There are many examples of early 1960s editions containing ill-advised editing which had to be corrected later. In Chapter Forty of the old edition of the Krishna book, “Krishna enters Mathura,” Polish translator Dhyanakunda Dasi found this sentence: “There were gorgeous orchards and gardens all around, and the whole city was encircled by cannons so that no enemy could enter very easily.”

When this didn’t make sense to her, she asked Govinda Madhava to check the passage on Prabhupada’s dictated tapes.

Sure enough, Srila Prabhupada hadn’t said “cannons,” but rather “canals.” Other errors were even wackier: When transcribing Bhagavad-gita 10.29, a typist misheard “planet of the pitris” (ancestors) and typed in the considerably more sci-fi “planet of the trees” instead.

Few of these early editors and typists were trained in Sanskrit, and they often guessed according to what little philosophy they knew or what made sense to them.

Years on, with far more experience and knowledge, the BBT is clarifying many of these unclear passages by tracing their origins back to different stages of production.

“Despite the recent attacks on the editors for making changes,” Govinda Madhava says, “it’s a fact that the BBT’s highest priority is always to bring the books closer to what Prabhupada originally meant.”

“A lot is hidden behind the printed sentence,” says Govinda Madhava, who worked as a translator himself. “And often, without background history and information to help you understand what Prabhupada wanted to say, it’s hard to reflect the mood intended in a different language.

A translator shouldn’t have to guess. If he doesn’t understand it, that means the reader has no chance.”

For now, the Audit Trail is available only to BBT staff, including editors and particularly translators.

According to BBT director Jayadvaita Swami, access to the Audit Trail may also be granted to “qualified researchers—”that is, researchers who need it for an academic or other such project, who have the necessary background or skills to know what to make of it, and who have the discretion to use it wisely.

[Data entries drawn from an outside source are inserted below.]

(* One iteration k of the algorithm:
   state (x, Delta, c) |-> (tilde x, x', Delta', c').
   If g(x) = 0 the algorithm stops; we then pad with constant iterates. *)
Definition alg_step (psi : vec -> R) (u : vec -> R) (d : vec -> vec)
    (Gs : vec -> vec -> \bar R) (m : nat) (S : nat -> set vec)
    (T : vec -> R -> vec) (eps : nat -> R) (ell : R -> R)
    (eta eta1 eta2 r1 r2 Dmax gam1 gam2 : R)
    (x : vec) (D : R) (c : nat -> nat)
    (xt x' : vec) (D' : R) (c' : nat -> nat) : Prop :=
  let g := pgrad u d x in
  if g == 0 then [/\ xt = x, x' = x, D' = D & c' = c] else
  exists (B : 'M[R]_n) (aC : R) (s : vec),
    let mk := fun s : vec => psi x + dot g s + 2^-1 * qform B s in
    let sC := (- aC) *: g in
    [/\
        0 <= aC <= D / enorm g /\
        (forall t, 0 <= t <= D / enorm g -> mk (- aC *: g) <= mk (- t *: g)),
        enorm s <= D /\
        mk 0 - mk s >= gam1 / 2 * enorm g * Order.min D (gam2 * enorm g) /\
        mk 0 - mk s >= (1 - ell (enorm s)) * (mk 0 - mk sC),
        (let rho1 := (psi x - psi (x + s)) / (mk 0 - mk s) in
         if eta1 <= rho1 then
           xt = x + s /\
           D' = (if eta2 < rho1 then Order.min Dmax (r2 * D) else D)
         else
           let a0 := eminr (Gs x (nrm s)) (enorm s) in
           let replace := mk 0 - mk (a0 *: nrm s) < a0 / (2 * enorm s) * (mk 0 - mk s) in
           let s2 := if replace then sC else s in
           let a := if replace then eminr (Gs x (nrm sC)) (enorm sC) else a0 in
           let rho2 := (psi x - psi (x + a *: nrm s2)) / (mk 0 - mk (a *: nrm s2)) in
           D' = (if rho2 < eta1 then r1 * D
                 else if eta2 < rho2 then Order.min Dmax (r2 * D) else D) /\
           xt = (if eta <= rho2 then x + a *: nrm s2 else x))
      &
        trunc_loop psi m S T eps xt c x' c'].

End Defs.

From HB Require Import structures.
From mathcomp Require Import all_boot all_order all_algebra.
From mathcomp Require Import all_classical all_reals all_analysis.
From mathcomp Require Import ring lra.

(* Each pass through the truncation loop in layer i moves the point by at most
   kappa * eps_(c_i) and then increments the counter c_i.  Hence the distance
   travelled during truncation is dominated by the increase of the potential
   sum_(i < m) sum_(j < c_i) eps_j, which never exceeds m * sum_j eps_j; the
   displacements therefore telescope to the first bound.  The iterates, and
   with them the points before truncation, stay in a fixed ball, on which
   psi = f + phi is Lipschitz: f by the mean value theorem with a gradient
   bounded by compactness, phi because a convex function bounded above on a
   ball is Lipschitz on the concentric ball of half the radius.  So the
   psi-differences are dominated by the summable displacements. *)

Set Implicit Arguments.
Unset Strict Implicit.
Unset Printing Implicit Defensive.

Import Order.TTheory GRing.Theory Num.Theory.
Import numFieldNormedType.Exports.
Local Open Scope classical_set_scope.
Local Open Scope ring_scope.

Section Euclidean.
Variables (R : realType) (n : nat).
Notation vec := 'rV[R]_n.
Implicit Types u v w : vec.
Lemma gbp_reach_invariant rmax j s :
  clos_refl_trans state (step rmax) (gbp_init R F j) s ->
  resid_nonneg s /\ forall i, push_invariant s i = pprd_super e alpha F i j.
Proof.
move=> reach; suff : forall x y, clos_refl_trans state (step rmax) x y ->
    resid_nonneg x /\ (forall i, push_invariant x i = pprd_super e alpha F i j) ->
    resid_nonneg y /\ (forall i, push_invariant y i = pprd_super e alpha F i j).
  by apply; [exact: reach | split; [exact: resid_nonneg_init | exact: push_invariant_init]].
move=> x y; elim=> {x y} // [x y [vk [_ ->]] [x_ge0 x_inv] | x y z _ IHxy _ IHyz /IHxy/IHyz //].
by split=> [|i]; [exact: resid_nonneg_push | rewrite push_invariant_push].
Qed.

Lemma gbp_output_error rmax j s i : 0 <= rmax ->
  gbp_output e alpha F j rmax s ->
  `|pihat s i - pprd_super e alpha F i j| <= rmax * avg_leaf_deg R e F i.
Proof.
move=> rmax_ge0 [reach s_le]; have [s_ge0 s_inv] := gbp_reach_invariant reach.
rewrite -(s_inv i) /push_invariant opprD addrA subrr add0r normrN ger0_norm; last first.
  rewrite mulr_ge0 ?invr_ge0 ?ler0n //; apply: sumr_ge0 => u _.
  by rewrite mulr_ge0 ?ler0n ?resid_ppr_ge0.
rewrite /avg_leaf_deg mulrCA ler_wpM2l ?invr_ge0 ?ler0n // mulr_sumr.
by apply: ler_sum => u _; rewrite mulrC ler_wpM2r ?ler0n ?resid_ppr_le.
Qed.
Lemma tw_is_lie : is_lie tw_br.
Proof.
have HlL := RLR_lie HL.
split.
  move=> k [x m] [y n] [z p]; apply: tw_pairE => /=; first exact: HlL.1.
  rewrite (C2_phiAl HC2) Hrho.2.1 Hrho.1 !scalerDr; char2_sum.
split.
  move=> k [x m] [y n] [z p]; apply: tw_pairE => /=; first exact: HlL.2.1.
  rewrite (C2_phiAr HC2) Hrho.2.1 Hrho.1 !scalerDr; char2_sum.
split.
  move=> [x m]; apply: tw_pairE => /=; first exact: lie_brvv.
  by rewrite (C2_phivv HC2) add0r (char2_addvv char2).
move=> [x m] [y n] [z p]; apply: tw_pairE => /=; first exact: lie_jacobi.
have := Hc.2.1 x y z; rewrite /dCE2 /= => D.
rewrite !(rhoDr Hrho) !(rho_br Hrho); apply: (eq_by_addr (esym D)).
rewrite !(C2_phiC HC2 (brL _ _)) (lie_brC HlL z x) (C2_phiC HC2 z x).
char2_sum.
Qed.

Lemma tw_is_RLR : is_RLR tw_br tw_pm tw_th.
Proof.
split; first split; first exact: tw_is_lie.
  split.
    move=> k [x m]; apply: tw_pairE => /=; first exact: (RLR_pmK HL).
    rewrite (C2_omK HC2) (rhoZl Hrho) (rhoKr Hrho) scalerDr scalerA.
    by rewrite -[_%:A]/(in_alg A _) rmorphXn /= expr2.
  split.
    move=> [x m] [y n]; apply: tw_pairE => /=; first exact: (RLR_brpm HL).
    have := Hc.2.2 x y; rewrite /delta2 /= => D.
    rewrite !(rhoDr Hrho) (rho_pm Hrho) (rho_br Hrho); apply: (eq_by_addr D).
    rewrite (C2_phiC HC2 (brL x y) x); char2_sum.
  move=> [x m] [y n]; apply: tw_pairE => /=; first exact: (RLR_pmD HL).
  rewrite (C2_omD HC2) (rhoDl Hrho) !(rhoDr Hrho); char2_sum.
split; first by move=> u; exact: HL.2.1.
split; first by move=> a [x m] [y n] b; exact: HL.2.2.1.
split; first by move=> [x m] [y n] b; exact: HL.2.2.2.1.
split; first by move=> [x m] b; exact: HL.2.2.2.2.1.
split.
  move=> [x m] a [y n]; apply: tw_pairE => /=; first exact: (RLR_brZr HL).
  rewrite (C2_phiZr HC2) (rhoZr Hrho) (rhoZl Hrho) !scalerDr; char2_sum.
move=> a [x m]; apply: tw_pairE => /=; first exact: (RLR_pmZ HL).
change (tw_th (a *: (x, m)) a) with (thL (a *: x) a).
rewrite (C2_omZ HC2) (rhoZl Hrho) (rhoZr Hrho) (RLR_thZ HL) !scalerDr !scalerA expr2.
char2_sum.
Qed.
(* Let $H$ be a weak Hopf algebra and $A$ a symmetric partial $H$-module algebra. Then $\pi_0\colon H\to A\,\underline{\#}\,H$, $\pi_0(h)=1_A\,\underline{\#}\,h$, is a partial representation of $H$ in the partial smash product $A\,\underline{\#}\,H$.
   Context: All algebras are associative and unital over a field $\Bbbk$; Sweedler notation $\Delta(h)=h_1\otimes h_2$, $\Delta(1_H)=1_1\otimes1_2$. A weak Hopf algebra is $(H,m,u,\Delta,\varepsilon,S)$ with $H$ an algebra, $(H,\Delta,\varepsilon)$ a coalgebra, and for all $g,h,k$: $\Delta(kh)=\Delta(k)\Delta(h)$; $\varepsilon(kh_1)\varepsilon(h_2g)=\varepsilon(khg)=\varepsilon(kh_2)\varepsilon(h_1g)$; $(1\otimes\Delta(1))(\Delta(1)\otimes1)=\Delta^2(1)=(\Delta(1)\otimes1)(1\otimes\Delta(1))$; $h_1S(h_2)=\varepsilon_t(h)$; $S(h_1)h_2=\varepsilon_s(h)$; $S(h)=S(h_1)h_2S(h_3)$, with $\varepsilon_t(h)=\varepsilon(1_1h)1_2$, $\varepsilon_s(h)=1_1\varepsilon(h1_2)$; $H_t=\varepsilon_t(H)$, $H_s=\varepsilon_s(H)$; the restriction $S_R\colon H_s\to H_t$ of $S$ is bijective. Symmetric partial $H$-module algebra: algebra $A$ with linear $h\otimes a\mapsto h\cdot a$ such that $h\cdot(ab)=(h_1\cdot a)(h_2\cdot b)$, $1_H\cdot a=a$, $h\cdot(k\cdot a)=(h_1\cdot1_A)((h_2k)\cdot a)$ and $h\cdot(k\cdot a)=((h_1k)\cdot a)(h_2\cdot1_A)$. Smash product $A\#H=A\otimes_{H_t}H$ ($A$ a right $H_t$-module via $a\triangleleft z=a(S_R^{-1}(z)\cdot1_A)$, $H$ a left $H_t$-module by multiplication) with product $(a\#h)(b\#g)=a(h_1\cdot b)\#h_2g$; $A\,\underline{\#}\,H$ is the subalgebra generated by $a\,\underline{\#}\,h:=(a\#h)(1_A\#1_H)=a(h_1\cdot1_A)\#h_2$, unital with unit $1_A\,\underline{\#}\,1_H$. A partial representation of $H$ in an algebra $B$ is a linear $\pi\colon H\to B$ with, for all $h,k$: (PR1) $\pi(1_H)=1_B$; (PR2) $\pi(h)\pi(k_1)\pi(S(k_2))=\pi(hk_1)\pi(S(k_2))$; (PR3) $\pi(h)\pi(S(k_1))\pi(k_2)=\pi(hS(k_1))\pi(k_2)$; (PR4) $\pi(h_1)\pi(S(h_2))\pi(k)=\pi(h_1)\pi(S(h_2)k)$; (PR5) $\pi(S(h_1))\pi(h_2)\pi(k)=\pi(S(h_1))\pi(h_2k)$; (PR6) $\pi(h)=\pi(h_1)\pi(S(h_2))\pi(h_3)$. *)

(* Weak Hopf algebras, symmetric partial module algebras,
   the partial smash product and partial representations, encoded without a
   tensor-product library: elements of tensor products are represented by
   finite formal sums of pure tensors (sequences of pairs/triples), and
   equality of such elements is tested against all multilinear (resp.
   balanced bilinear) forms with values in the ground field, which separate
   points of (balanced) tensor products of vector spaces over a field. *)
From HB Require Import structures.
From mathcomp Require Import all_boot all_order all_algebra.
Set Implicit Arguments.
Unset Strict Implicit.
Unset Printing Implicit Defensive.
Import GRing.Theory.
Local Open Scope ring_scope.
Lemma Rmul1r_bvec d s : Rm (bv d s) R1 = bv d s.
Proof.
have [->|sn] := eqVneq s th; first by rewrite bvec_th Rmul0l.
have [_ [f [_ fE _ sf]]] := idem_decomp s.
rewrite (bvec_decomp R1) Rmul_sumr.
rewrite (bigD1 (Sub f (idem_neq_th fE) : SS)) //= big1.
  rewrite addr0 Rmul_bvec ffunE /= fE (raut1 (alpha_aut sn)) xi_idem_r //.
  by rewrite !mulr1 sf.
move=> u ne; rewrite Rmul_bvec ffunE; case: ifP => uE; last first.
  by rewrite (raut0 (alpha_aut sn)) mulr0 mul0r bvec0.
have fu : f != val u by apply: contraNneq ne => e; apply/eqP/val_inj.
have -> : mul s (val u) = th by rewrite -sf -mulA (idem_orth fE uE fu) muls0.
exact: bvec_th.
Qed.

Lemma Rmul1l x : Rm R1 x = x.
Proof.
rewrite [in LHS](bvec_decomp x) Rmul_sumr [RHS]bvec_decomp.
by apply: eq_bigr => u _; apply: Rmul1l_bvec.
Qed.

Lemma Rmul1r x : Rm x R1 = x.
Proof.
rewrite [in LHS](bvec_decomp x) Rmul_suml [RHS]bvec_decomp.
by apply: eq_bigr => u _; apply: Rmul1r_bvec.
Qed.

Lemma inner_inverse iota : is_inner S mul th E D alpha xi iota ->
  exists iota', is_inner S mul th E D alpha xi iota' /\ cancel iota iota'.
Proof.
case=> u [v [uv vu iotaE]]; exists (fun x => Rm (Rm v x) u); split.
  by exists v, u.
by move=> y; rewrite iotaE !Rmul_assoc vu Rmul1l -Rmul_assoc vu Rmul1r.
Qed.

Section Sigma.
Variables (mu : S -> D -> D) (eta : S -> D).
Hypothesis Hmu : forall e, e \in E -> is_ring_aut D (mu e).
Local Notation sg := (sigma S mul th E D mu eta).

Lemma sigma_bvec d s e : s != th -> e \in E -> mul e s = s ->
  sg (bv d s) = bv (mu e d * eta s) s.
Proof.
move=> sn eE es; apply/ffunP => u; rewrite !ffunE.
case: (val u =P s) => [-> | _]; first by rewrite (lidem_eq sn eE es).
by have [lE _] := lidemP (valP u); rewrite (raut0 (Hmu lE)) mul0r.
Qed.

Lemma sigmaD x y : sg (x + y) = sg x + sg y.
Proof.
apply/ffunP => u; rewrite !ffunE.
by have [lE _] := lidemP (valP u); rewrite (rautD (Hmu lE)) mulrDl.
Qed.

Lemma sigma0 : sg 0 = 0.
Proof. by apply: (addrI (sg 0)); rewrite -sigmaD !addr0. Qed.

Lemma sigma_sum (F : SS -> R) : sg (\sum_u F u) = \sum_u sg (F u).
Proof. exact: (big_morph sg sigmaD sigma0). Qed.

Hypothesis Heta : forall s, s != th -> eta s != 0.

Lemma eta_unit s : s != th -> eta s \is a GRing.unit.
Proof. by move/Heta; apply: HD. Qed.

Hypothesis Hxi : forall s t e, mul s t != th -> e \in E -> s = mul e s ->
  mu e (xi s t) = eta s * alpha s (eta t) * xi s t * (eta (mul s t))^-1.

Lemma eta_idem e : e \in E -> eta e = 1.
Proof.
move=> eE; have ee : mul e e != th by rewrite idemK // idem_neq_th.
have := Hxi ee eE (esym (idemK eE)).
rewrite xi_idem // (raut1 (Hmu eE)) alpha_idem // mulr1 idemK //.
by rewrite mulrK // eta_unit // idem_neq_th.
Qed.

Lemma sigma_idem e : e \in E -> sg (bv 1 e) = bv 1 e.
Proof.
move=> eE; rewrite (sigma_bvec _ (idem_neq_th eE) eE (idemK eE)).
by rewrite (raut1 (Hmu eE)) mul1r eta_idem.
Qed.

Lemma sigma1 : sg R1 = R1.
Proof.
apply/ffunP => u; rewrite !ffunE; have [lE _] := lidemP (valP u).
case: ifP => uE; first by rewrite (raut1 (Hmu lE)) mul1r eta_idem.
by rewrite (raut0 (Hmu lE)) mul0r.
Qed.

Hypothesis Halpha : forall s e f, s != th -> e \in E -> f \in E ->
  s = mul (mul e s) f ->
  forall d d', mu f d' = d -> mu e (alpha s d') = rho D (eta s) (alpha s d).

Lemma sigma_bvecM d d' s t :
  sg (Rm (bv d s) (bv d' t)) = Rm (sg (bv d s)) (sg (bv d' t)).
Proof.
have [->|sn] := eqVneq s th; first by rewrite bvec_th Rmul0l sigma0 Rmul0l.
have [->|tn] := eqVneq t th; first by rewrite bvec_th Rmul0r sigma0 Rmul0r.
have [eE es] := lidemP sn; have [fE ft] := lidemP tn.
rewrite (sigma_bvec _ sn eE es) (sigma_bvec _ tn fE ft) !Rmul_bvec.
have [->|st] := eqVneq (mul s t) th; first by rewrite !bvec_th sigma0.
have est : mul (lid s) (mul s t) = mul s t by rewrite mulA es.
rewrite (sigma_bvec _ st eE est); congr bv.
have esf : s = mul (mul (lid s) s) (lid t) by rewrite es mul_lidem.
rewrite !(rautM (Hmu eE)) (Halpha sn eE fE esf (erefl _)) (Hxi st eE (esym es)).
rewrite /rho (rautM (alpha_aut sn)) -!mulrA mulKr ?eta_unit //.
by rewrite mulVr ?mulr1 // eta_unit.
Qed.

Lemma sigmaM x y : sg (Rm x y) = Rm (sg x) (sg y).
Proof.
rewrite (bvec_decomp x) (bvec_decomp y) Rmul_sum_sum !sigma_sum Rmul_sum_sum.
apply: eq_bigr => a _; rewrite sigma_sum.
by apply: eq_bigr => b _; apply: sigma_bvecM.
Qed.

(* Inverting the mu_e needs a choice of their inverses: [bijective] is a Prop. *)
Lemma sigma_bij : bijective sg.
Proof.
pose inverts e nu := e \in E -> cancel (mu e) nu /\ cancel nu (mu e).
have [nu nuK] : exists nu : S -> D -> D, forall e, inverts e (nu e).
  apply: functional_choice => e; rewrite /inverts.
  case: (boolP (e \in E)) => [eE | _].
    by case: (Hmu eE) => -[g h1 h2] _ _ _; exists g.
  by exists id.
exists (fun x : R => [ffun u : SS => nu (lid (val u)) (x u * (eta (val u))^-1)]).
  move=> x; apply/ffunP => u; rewrite !ffunE.
  have [lE _] := lidemP (valP u); have [muK _] := nuK _ lE.
  by rewrite mulrK ?eta_unit ?(valP u) // muK.
move=> x; apply/ffunP => u; rewrite !ffunE.
have [lE _] := lidemP (valP u); have [_ nuKV] := nuK _ lE.
by rewrite nuKV divrK // eta_unit // (valP u).
Qed.

Lemma sigma_Raut0 : is_R_aut0 S mul th E D alpha xi sg.
Proof.
split; first by split;
  [exact: sigma_bij | exact: sigma1 | exact: sigmaD | exact: sigmaM].
  by move=> e eE; exists e; rewrite ?sigma_idem.
by move=> f fE; exists f; rewrite ?sigma_idem.
Qed.

End Sigma.

Section BasisForm.
Variables (g0 : R -> R) (mu : S -> D -> D) (eta : S -> D).
Hypothesis Hg0 : is_R_aut S mul th E D alpha xi g0.
Hypothesis Hmu : forall e, e \in E -> is_ring_aut D (mu e).
Hypothesis Heta : forall s, s != th -> eta s != 0.
Hypothesis g0E : forall d s e, s != th -> e \in E -> s = mul e s ->
  g0 (bv d s) = bv (mu e d * eta s) (id s).

Lemma Raut_basis_form_sigma : g0 =1 sigma S mul th E D mu eta.
Proof.
have g0D : {morph g0 : x y / x + y} by case: Hg0.
have g00 : g0 0 = 0 by apply: (addrI (g0 0)); rewrite -g0D !addr0.
move=> x; rewrite (bvec_decomp x) (big_morph g0 g0D g00) sigma_sum //.
apply: eq_bigr => u _; have [lE lu] := lidemP (valP u).
by rewrite (g0E _ (valP u) lE (esym lu)) (sigma_bvec eta Hmu _ (valP u) lE lu).
Qed.

Lemma Raut_basis_form_xi s t e : mul s t != th -> e \in E -> s = mul e s ->
  mu e (xi s t) = eta s * alpha s (eta t) * xi s t * (eta (mul s t))^-1.
Proof.
move=> st eE es; have sn := mul_neq_thl st; have [fE ft] := lidemP (mul_neq_thr st).
have est : mul s t = mul e (mul s t) by rewrite mulA -es.
have : g0 (Rm (bv 1 s) (bv 1 t)) = Rm (g0 (bv 1 s)) (g0 (bv 1 t)) by case: Hg0.
rewrite Rmul_bvec (g0E _ st eE est) (g0E _ sn eE es).
rewrite (g0E _ (mul_neq_thr st) fE (esym ft)) Rmul_bvec => /bvec_inj-/(_ st).
rewrite (raut1 (alpha_aut sn)) (raut1 (Hmu eE)) (raut1 (Hmu fE)) !mul1r => <-.
by rewrite mulrK // HD // Heta.
Qed.

Lemma Raut_basis_form_alpha s e f : s != th -> e \in E -> f \in E ->
  s = mul (mul e s) f ->
  forall d d', mu f d' = d -> mu e (alpha s d') = rho D (eta s) (alpha s d).
Proof.
move=> sn eE fE esf d d' <-.
have es : mul e s = s by rewrite {1}esf !mulA idemK // -esf.
have sf : mul s f = s by rewrite {1}esf -!mulA idemK // mulA -esf.
have : g0 (Rm (bv 1 s) (bv d' f)) = Rm (g0 (bv 1 s)) (g0 (bv d' f)) by case: Hg0.
rewrite Rmul_bvec sf xi_idem_r // (g0E _ sn eE (esym es)) (g0E _ sn eE (esym es)).
rewrite (g0E _ (idem_neq_th fE) fE (esym (idemK fE))) Rmul_bvec /= sf xi_idem_r //.
rewrite (eta_idem Hmu Heta Raut_basis_form_xi fE) => /bvec_inj-/(_ sn).
rewrite (raut1 (Hmu eE)) !mul1r !mulr1 /rho => <-.
by rewrite mulrK // HD // Heta.
Qed.

Lemma Raut_basis_form_Z1 : Z1 S mul th E D alpha xi mu eta.
Proof.
by split; [exact: Hmu | exact: Heta | exact: Raut_basis_form_alpha |
  exact: Raut_basis_form_xi].
Qed.

End BasisForm.
End CrossedProduct.

Theorem mainTheorem5 (S : finType) (mul : S -> S -> S) (th : S) (E : {set S})
    (D : unitRingType) (alpha : S -> D -> D) (xi : S -> S -> D) :
  square_free_semigroup S mul th E ->
  division_ring D ->
  normal_2cocycle S mul th E D alpha xi ->
  forall g : {ffun Sstar S th -> D} -> {ffun Sstar S th -> D},
    is_R_aut S mul th E D alpha xi g ->
    ((exists (mu : S -> D -> D) (eta : S -> D),
        Z1 S mul th E D alpha xi mu eta /\
        exists iota, is_inner S mul th E D alpha xi iota /\
                     forall x, g x = iota (sigma S mul th E D mu eta x))
     <-> Phi_rel S mul th E D alpha xi g id).
Proof.
move=> HS HD Hc g _; split.
- case=> mu [eta [[Hmu Heta Halpha Hxi] [iota [inner gE]]]].
  have [iota' [inner' iotaK]] := inner_inverse HS HD Hc inner.
  exists (sigma S mul th E D mu eta); split.
  + exact: sigma_Raut0.
  + by exists iota'; split => // x; rewrite gE iotaK.
  + exists mu, eta; split => //; first by split => //; exists id.
    by move=> d s e sn eE es; apply: sigma_bvec.
- case=> g0 [[Hg0 _ _] [iota [inner g0E]] [mu [eta [Hmu Heta _ Hform]]]].
  have [iota' [inner' iotaK]] := inner_inverse HS HD Hc inner.
  exists mu, eta; split; first exact: Raut_basis_form_Z1 Hform.
  exists iota'; split => // x.
  by rewrite -(Raut_basis_form_sigma HS Hg0 Hmu Hform) g0E iotaK.
Qed.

His Holiness Tamal Krishna Goswami, for example, was given access to the complete manuscripts of Bhagavad-gita As It Is for work on his Ph. D. thesis.

For you and me, a selection of comparisons between old and new editions of the Bhagavad-gita and Srimad-Bhagavatam, with revisions explained, is currently available at www. bbt. info/information/bookrevisions.

The Editorial Audit Trail is an important project for us and for the generations after us, Govinda Madhava says.

“Prabhupada’s works have such value for ISKCON and the BBT, and are already the topic of major heated discussions,” he explains. “Those who remember how they were put together won’t be here for much longer—some, like Hayagriva, have already left us. And that’s why this project must be done immediately.

If we wait too long, future generations will not be able to understand from this material what we can understand now.”